[MATERIAL FOR THIS EXERCISE]:
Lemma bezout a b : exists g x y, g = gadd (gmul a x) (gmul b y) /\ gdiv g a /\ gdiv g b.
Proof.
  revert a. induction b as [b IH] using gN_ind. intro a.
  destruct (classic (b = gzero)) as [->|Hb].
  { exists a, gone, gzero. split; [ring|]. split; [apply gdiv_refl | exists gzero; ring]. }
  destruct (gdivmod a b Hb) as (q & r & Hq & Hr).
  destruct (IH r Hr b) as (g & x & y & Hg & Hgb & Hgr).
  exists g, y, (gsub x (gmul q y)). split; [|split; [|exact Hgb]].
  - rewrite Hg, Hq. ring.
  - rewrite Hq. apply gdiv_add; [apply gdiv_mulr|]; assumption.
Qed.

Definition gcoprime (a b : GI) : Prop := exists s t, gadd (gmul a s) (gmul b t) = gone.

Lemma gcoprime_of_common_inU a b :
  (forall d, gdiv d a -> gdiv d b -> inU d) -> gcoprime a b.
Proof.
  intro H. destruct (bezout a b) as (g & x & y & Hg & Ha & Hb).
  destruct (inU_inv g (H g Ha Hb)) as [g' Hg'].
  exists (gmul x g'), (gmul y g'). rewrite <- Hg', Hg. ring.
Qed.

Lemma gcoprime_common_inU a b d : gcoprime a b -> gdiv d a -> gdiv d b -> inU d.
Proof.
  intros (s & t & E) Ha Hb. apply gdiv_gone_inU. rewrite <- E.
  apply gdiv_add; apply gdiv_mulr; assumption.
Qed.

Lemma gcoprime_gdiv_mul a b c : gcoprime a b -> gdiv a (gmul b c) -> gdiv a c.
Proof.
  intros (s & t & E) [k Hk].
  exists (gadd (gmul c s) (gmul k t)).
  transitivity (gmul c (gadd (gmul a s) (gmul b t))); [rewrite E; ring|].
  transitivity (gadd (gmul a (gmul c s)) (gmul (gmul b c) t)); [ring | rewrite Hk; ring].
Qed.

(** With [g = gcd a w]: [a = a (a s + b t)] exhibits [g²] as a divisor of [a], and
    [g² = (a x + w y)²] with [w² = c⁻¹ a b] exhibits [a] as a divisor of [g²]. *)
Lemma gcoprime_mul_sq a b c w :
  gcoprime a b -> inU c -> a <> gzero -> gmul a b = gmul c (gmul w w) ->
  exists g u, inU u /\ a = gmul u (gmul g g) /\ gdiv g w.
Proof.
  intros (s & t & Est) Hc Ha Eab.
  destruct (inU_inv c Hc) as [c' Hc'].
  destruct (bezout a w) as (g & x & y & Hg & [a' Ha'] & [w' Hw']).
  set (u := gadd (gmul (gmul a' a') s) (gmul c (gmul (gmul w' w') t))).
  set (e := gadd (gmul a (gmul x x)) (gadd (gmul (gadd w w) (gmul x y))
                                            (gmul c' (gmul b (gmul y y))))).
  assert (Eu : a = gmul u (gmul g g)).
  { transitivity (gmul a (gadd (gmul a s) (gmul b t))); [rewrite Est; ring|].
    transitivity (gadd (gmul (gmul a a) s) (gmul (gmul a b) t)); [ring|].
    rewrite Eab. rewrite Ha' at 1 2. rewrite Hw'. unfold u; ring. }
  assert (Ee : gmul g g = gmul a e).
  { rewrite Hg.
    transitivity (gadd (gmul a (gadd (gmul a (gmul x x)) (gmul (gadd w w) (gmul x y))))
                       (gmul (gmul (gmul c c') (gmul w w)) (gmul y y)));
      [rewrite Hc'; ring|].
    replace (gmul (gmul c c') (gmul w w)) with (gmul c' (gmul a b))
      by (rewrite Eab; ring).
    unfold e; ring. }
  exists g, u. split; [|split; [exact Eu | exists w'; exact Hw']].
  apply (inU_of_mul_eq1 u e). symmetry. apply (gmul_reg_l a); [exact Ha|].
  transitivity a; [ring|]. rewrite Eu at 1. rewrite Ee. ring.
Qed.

[WORK REQUIRED]: Print, please, the lines from the first line of the material through the line that contains "destruct (bezout a w)", exactly as written and with nothing added.

[SOLUTION BELOW]:
Lemma bezout a b : exists g x y, g = gadd (gmul a x) (gmul b y) /\ gdiv g a /\ gdiv g b.
Proof.
  revert a. induction b as [b IH] using gN_ind. intro a.
  destruct (classic (b = gzero)) as [->|Hb].
  { exists a, gone, gzero. split; [ring|]. split; [apply gdiv_refl | exists gzero; ring]. }
  destruct (gdivmod a b Hb) as (q & r & Hq & Hr).
  destruct (IH r Hr b) as (g & x & y & Hg & Hgb & Hgr).
  exists g, y, (gsub x (gmul q y)). split; [|split; [|exact Hgb]].
  - rewrite Hg, Hq. ring.
  - rewrite Hq. apply gdiv_add; [apply gdiv_mulr|]; assumption.
Qed.

Definition gcoprime (a b : GI) : Prop := exists s t, gadd (gmul a s) (gmul b t) = gone.

Lemma gcoprime_of_common_inU a b :
  (forall d, gdiv d a -> gdiv d b -> inU d) -> gcoprime a b.
Proof.
  intro H. destruct (bezout a b) as (g & x & y & Hg & Ha & Hb).
  destruct (inU_inv g (H g Ha Hb)) as [g' Hg'].
  exists (gmul x g'), (gmul y g'). rewrite <- Hg', Hg. ring.
Qed.

Lemma gcoprime_common_inU a b d : gcoprime a b -> gdiv d a -> gdiv d b -> inU d.
Proof.
  intros (s & t & E) Ha Hb. apply gdiv_gone_inU. rewrite <- E.
  apply gdiv_add; apply gdiv_mulr; assumption.
Qed.

Lemma gcoprime_gdiv_mul a b c : gcoprime a b -> gdiv a (gmul b c) -> gdiv a c.
Proof.
  intros (s & t & E) [k Hk].
  exists (gadd (gmul c s) (gmul k t)).
  transitivity (gmul c (gadd (gmul a s) (gmul b t))); [rewrite E; ring|].
  transitivity (gadd (gmul a (gmul c s)) (gmul (gmul b c) t)); [ring | rewrite Hk; ring].
Qed.

(** With [g = gcd a w]: [a = a (a s + b t)] exhibits [g²] as a divisor of [a], and
    [g² = (a x + w y)²] with [w² = c⁻¹ a b] exhibits [a] as a divisor of [g²]. *)
Lemma gcoprime_mul_sq a b c w :
  gcoprime a b -> inU c -> a <> gzero -> gmul a b = gmul c (gmul w w) ->
  exists g u, inU u /\ a = gmul u (gmul g g) /\ gdiv g w.
Proof.
  intros (s & t & Est) Hc Ha Eab.
  destruct (inU_inv c Hc) as [c' Hc'].
  destruct (bezout a w) as (g & x & y & Hg & [a' Ha'] & [w' Hw']).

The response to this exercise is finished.